2. Display according to claim 1 characterized in that the
light-sensitive measuring element (2) is integrated into a
component (3a) which is located on a display glass (4).
3. Display according to claim 2 characterized in that the component
(3a) includes an integrated circuit attached to the display glass
(4).
4. Display according to claim 2 or 3 characterized in that the
component (3a) located on the display glass (4) is shielded from
incident light by means of an opaque protective layer (10) which
has an aperture (11), and in that the aperture (11) and the
light-sensitive measuring element (2) in the component (3a) are
mutually disposed such that the incident luminous radiation reaches
the light-sensitive measuring element (2) through the aperture
(11).
5. Display according to one of the claims 2 to 4 characterized in
that the component (3a) includes a display controller and/or a
display driver stage (3a).
6. Display according to one of the claims 1 to 5 characterized by a
measuring device which by means of the light-sensitive measuring
element determines an ambient light intensity incident on the
display.
7. Display according to claim 6 characterized in that the display
illuminating device operates in a pulsating manner and in that the
measuring device has a filtering device which filters out that
portion of the light intensity, determined by means of the
light-sensitive measuring element, that is produced by the display
illuminating device.
8. Display according to claim 6 characterized in that the display
illuminating device operates intermittently and in that the
measuring device has means for determining the light intensity by
means of the sensitive measuring element only when the display
illuminating device is not producing any light.
9. Display according to one of the claims 1 to 8 characterized in
that the measuring element determines a digital value or in that a
device that converts the light intensity determined by means of the
measuring element into a digital value is integrated into the
display.
10. Device with a display according to one of the claims 1 to
9.
11. Method for operating a display (1) with a display illuminating
device wherein a light intensity of a luminous radiation occurring
on the display (1) is determined and the display illuminating
device is controlled according to the determined light intensity,
characterized in that the light intensity is determined by means of
a light-sensitive measuring element (2) integrated into the display
(1).
12. Method according to claim 11 characterized in that an ambient
light intensity occurring on the display is measured.
13. Method according to claim 12 characterized in that the display
illuminating device operates in a pulsating manner and in that a
portion of the determined light intensity produced by the display
illuminating device is filtered out.
14. Method according to claim 12 characterized in that the display
illuminating device operates intermittently and in that the light
intensity is only determined when the display illuminating device
is not producing any light.
Description
BACKGROUND
[0001] The present invention relates to a display, and more
particularly a display including a display illuminating device and
means to control the display illuminating device according to the
light intensity of luminous radiation occurring on the display are
determined through the use of a light-sensitive element. The
present invention further relates to a device with a display of
this type and a method for operating a corresponding display.

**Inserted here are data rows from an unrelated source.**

Lemma ler_ratio_powR (n k m : nat) (r : R) :
  (0 < n)%N -> (m <= k)%N -> 0 <= r ->
  (n%:R / (n + k)%:R) `^ r <= (n%:R / (n + m)%:R) `^ r.
Proof.
move=> n0 mk r0; have nm_gt0 j : 0 < (n + j)%:R :> R by rewrite ltr0n addn_gt0 n0.
apply: ge0_ler_powR => //; try by rewrite nnegrE divr_ge0 // ltW.
by rewrite ler_pM2l ?ltr0n // lef_pV2 ?posrE // ler_nat leq_add2l.
Qed.

Lemma bin_le_ff_expn (a : R) (n : nat) : 0 < a ->
  'C(n + Num.truncn (a * n%:R), n)%:R <= ff a ^+ n.
Proof.
move=> a0; set m := Num.truncn _; set q := (1 + a) / a.
have a1_gt0 : 0 < 1 + a by rewrite addr_gt0.
have q_ge1 : 1 <= q by rewrite ler_pdivlMr // mul1r lerDr.
have ffE : ff a = (1 + a) * q `^ a.
  rewrite /ff powRD ?(gt_eqF a1_gt0) ?implybT // powRr1 ?ltW //.
  by rewrite powRM ?ltW ?invr_gt0 // powRV ?ltW // mulrA.
have qm_le : q ^+ m <= q `^ (a * n%:R).
  rewrite -powR_mulrn ?(le_trans ler01) //; apply: ler_powR => //.
  by rewrite /m truncn_le mulr_ge0 // ltW.
have am_gt0 : 0 < a ^+ m by rewrite exprn_gt0.
rewrite ffE exprMn -[q `^ a ^+ n]powR_mulrn ?powR_ge0 // -powRrM -(ler_pM2r am_gt0).
apply: le_trans (bin_mul_expr_le _ _ (ltW a0)) _.
rewrite exprD -mulrA; apply: ler_wpM2l; first by rewrite exprn_ge0 // ltW.
apply: le_trans (ler_wpM2r (ltW am_gt0) qm_le).
by rewrite -exprMn divfK ?gt_eqF.
Qed.

Lemma exp2_bin_le_gg_expn (b : R) (n : nat) : 0 < b ->
  (2 ^ Num.truncn (b * n%:R) * 'C(n + Num.truncn (b * n%:R), n))%:R <= gg b ^+ n.
Proof.
move=> b0; have ggE : gg b = 2 `^ b * ff b by rewrite /gg /ff mulrA.
rewrite ggE exprMn natrM; apply: ler_pM; rewrite ?ler0n ?bin_le_ff_expn //.
rewrite -powR_mulrn // -powRrM natrX -powR_mulrn //.
by apply: ler_powR; rewrite ?ler1n // truncn_le mulr_ge0 // ltW.
Qed.

End PowR.

Lemma nondecreasing_bracket_le (R : realDomainType) (F : nat -> nat) (x : R) (k m : nat) :
  {homo F : i j / (i <= j)%N} -> x < (F k.+1)%:R -> (F m)%:R <= x -> (m <= k)%N.
Proof.
move=> F_homo x_lt Fm_le; rewrite leqNgt; apply/negP => /F_homo.
rewrite -(ler_nat R) => FkFm.
by have := lt_le_trans x_lt (le_trans FkFm Fm_le); rewrite ltxx.
Qed.

Lemma is_k_max (R : realType) (n : nat) (t : R) (k m : nat) :
  is_k n t k -> 'C(n + m, n)%:R <= t ^+ n -> (m <= k)%N.
Proof.
case=> _; apply: (nondecreasing_bracket_le (F := fun j => 'C(n + j, n))).
by move=> i j ij; rewrite leq_bin2l // leq_add2l.
Qed.

Lemma is_l_max (R : realType) (n : nat) (t : R) (l m : nat) :
  is_l n t l -> (2 ^ m * 'C(n + m, n))%:R <= t ^+ n -> (m <= l)%N.
Proof.
case=> _; apply: (nondecreasing_bracket_le (F := fun j => 2 ^ j * 'C(n + j, n))%N).
by move=> i j ij; rewrite leq_mul ?leq_pexp2l ?leq_bin2l ?leq_add2l.
Qed.
(* With e_k = |y_k - u|, mixing is nonexpansive, so
   e_(k+1) <= (1 - nu/2) (e_k + 2 |u|). *)
Lemma near_dgd_y_bounded n p W g alpha s0 ustar nu :
  doubly_stochastic n W -> 0 < nu <= 1 ->
  (forall i x, (i < n)%nat ->
     dot p (vsub (vsub x (vscal alpha (g i x))) (ustar i)) (vsub (vsub x (vscal alpha (g i x))) (ustar i))
     <= (1 - nu) * dot p (vsub x (ustar i)) (vsub x (ustar i))) ->
  forall k, snorm n p (near_dgd_y n W g alpha s0 k)
     <= snorm n p (fun i => vsub s0 (ustar i)) + (nu + 4) / nu * snorm n p ustar.
Proof.
  intros HW Hnu Hloc.
  set (U := snorm n p ustar). set (e0 := snorm n p (fun i => vsub s0 (ustar i))).
  set (e := fun k => snorm n p (fun i => vsub (near_dgd_y n W g alpha s0 k i) (ustar i))).
  assert (HU : 0 <= U) by apply snorm_nonneg.
  assert (He0 : 0 <= e0) by apply snorm_nonneg.
  assert (Hyk : forall k, snorm n p (near_dgd_y n W g alpha s0 k) <= e k + U)
    by (intros k; apply snorm_le_sub_add).
  assert (Hrec : forall k, e (S k) <= (1 - nu / 2) * (e k + 2 * U)).
  { intros k. set (x := near_dgd_x n W g alpha s0 k).
    assert (H1 : ssq n p (fun i => vsub (vsub (x i) (vscal alpha (g i (x i)))) (ustar i))
                 <= (1 - nu) * ssq n p (fun i => vsub (x i) (ustar i))).
    { unfold ssq. rewrite <- rsum_scal. apply rsum_le. intros i Hi. apply Hloc. exact Hi. }
    assert (H2 : e (S k) <= sqrt (1 - nu) * snorm n p (fun i => vsub (x i) (ustar i))).
    { unfold snorm. rewrite <- sqrt_mult by (try apply ssq_nonneg; lra).
      apply sqrt_le_1_alt. exact H1. }
    assert (H3 : snorm n p (fun i => vsub (x i) (ustar i)) <= snorm n p x + U) by apply snorm_sub_le.
    assert (H4 : snorm n p x <= snorm n p (near_dgd_y n W g alpha s0 k))
      by (apply sqrt_le_1_alt, ssq_Zpow_le, HW).
    assert (H5 := Hyk k).
    assert (Hq := sqrt_1_minus_le nu ltac:(lra)). assert (Hq0 := sqrt_pos (1 - nu)).
    assert (Hs0 := snorm_nonneg n p (fun i => vsub (x i) (ustar i))).
    eapply Rle_trans; [exact H2|]. apply Rmult_le_compat; lra. }
  assert (Hb : forall k, e k <= e0 + 4 * U / nu).
  { assert (0 <= 4 * U / nu) by (apply Rmult_le_pos; [lra| left; apply Rinv_0_lt_compat; lra]).
    induction k; [unfold e, e0; simpl; lra|].
    eapply Rle_trans; [apply Hrec|].
    assert (Hek : 0 <= e k) by apply snorm_nonneg.
    apply Rle_trans with ((1 - nu / 2) * (e0 + 4 * U / nu + 2 * U)); [apply Rmult_le_compat_l; lra|].
    assert ((1 - nu / 2) * (e0 + 4 * U / nu + 2 * U) = e0 + 4 * U / nu - nu / 2 * e0 - nu * U)
      by (field; lra).
    assert (0 <= nu / 2 * e0) by (apply Rmult_le_pos; lra).
    assert (0 <= nu * U) by (apply Rmult_le_pos; lra). lra. }
  intros k. eapply Rle_trans; [apply Hyk|].
  assert ((nu + 4) / nu * U = U + 4 * U / nu) by (field; lra).
  assert (Hk := Hb k). fold e0 U. lra.
Qed.

Lemma sqr_add_le_young A B d : 0 < d ->
  (A + B) * (A + B) <= (1 + d) * (A * A) + (1 + / d) * (B * B).
Proof.
  intros Hd.
  enough (2 * A * B <= d * (A * A) + / d * (B * B)) by lra.
  apply (Rmult_le_reg_l d); [exact Hd|].
  replace (d * (d * (A * A) + / d * (B * B))) with (d * A * (d * A) + B * B) by (field; lra).
  assert (0 <= (d * A - B) * (d * A - B)) by apply Rle_0_sqr. lra.
Qed.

[0002] Most displays employed today, such as displays in mobile
radio devices, pagers, organizers, and other terminals, have a
display illuminating device. In the case of self-illuminating types
of displays, such as LED (Light Emitting Diode), OLED (Organic
Light Emitting Diode), or CRT (Cathode Ray Tube) displays, for
example, a display illuminating device is provided whereby the
display elements or the display area itself actively emit light
(self-illuminating displays). LCDs (Liquid Crystal Displays) in
many cases, include reflective LCDs, equipped with an additional
source of illumination so they can also be used in dark
surroundings, or employ an illuminating device so that the actual
display elements can be read at all (transmissive LCDs). Displays
of the self-illuminating type require a means for active brightness
control. Otherwise, these displays would have to be operated at
maximum brightness at all times in order to remain legible even in
very bright surroundings (e.g., in direct sunlight). On relatively
dark surroundings, however, the display would then appear far too
bright for comfortable reading. Active control of the additional
light source according to the ambient light offers advantages for
displays of the reflective, transmissive, or transreflective type
also. Without a control of this type the additional illumination
would also have to be activated in very bright surroundings. If, on
the other hand, control is effected according to the light
intensity of the luminous radiation occurring on the display, it is
in many cases possible to save on the energy for illumination when
the ambient illumination is sufficient for comfortable reading of
the display. When the display is used in a device operated by means
of rechargeable batteries, this energy savings is linked directly
to an extension of the standby times of the respective device. This
is consequently advantageous especially when the display is used in
mobile devices.
[0003] From practical applications it is already known how to
control self-illuminating displays by means of ambient brightness
control using a discrete photosensor that is located somewhere
inside the case of the device and is not connected directly to the
display. The ambient light reaches the photosensor through a small
aperture in the case. This has the disadvantage, on the one hand,
that the light intensity value being applied to the display is not
measured directly. On the other hand, the aperture in the case is
relatively small so as not to affect the design of the case. A high
degree of sensitivity to dirt or soiling is typical, however, of
those devices, where even slight soiling may obscure the aperture
and, hence, affect the functioning of the display illumination
control.
SUMMARY
[0004] According to a disclosed example, a display is provided
including a display illuminating device and a control device
configured to control the display illuminating device according to
light intensity of luminous radiation occurring on the display.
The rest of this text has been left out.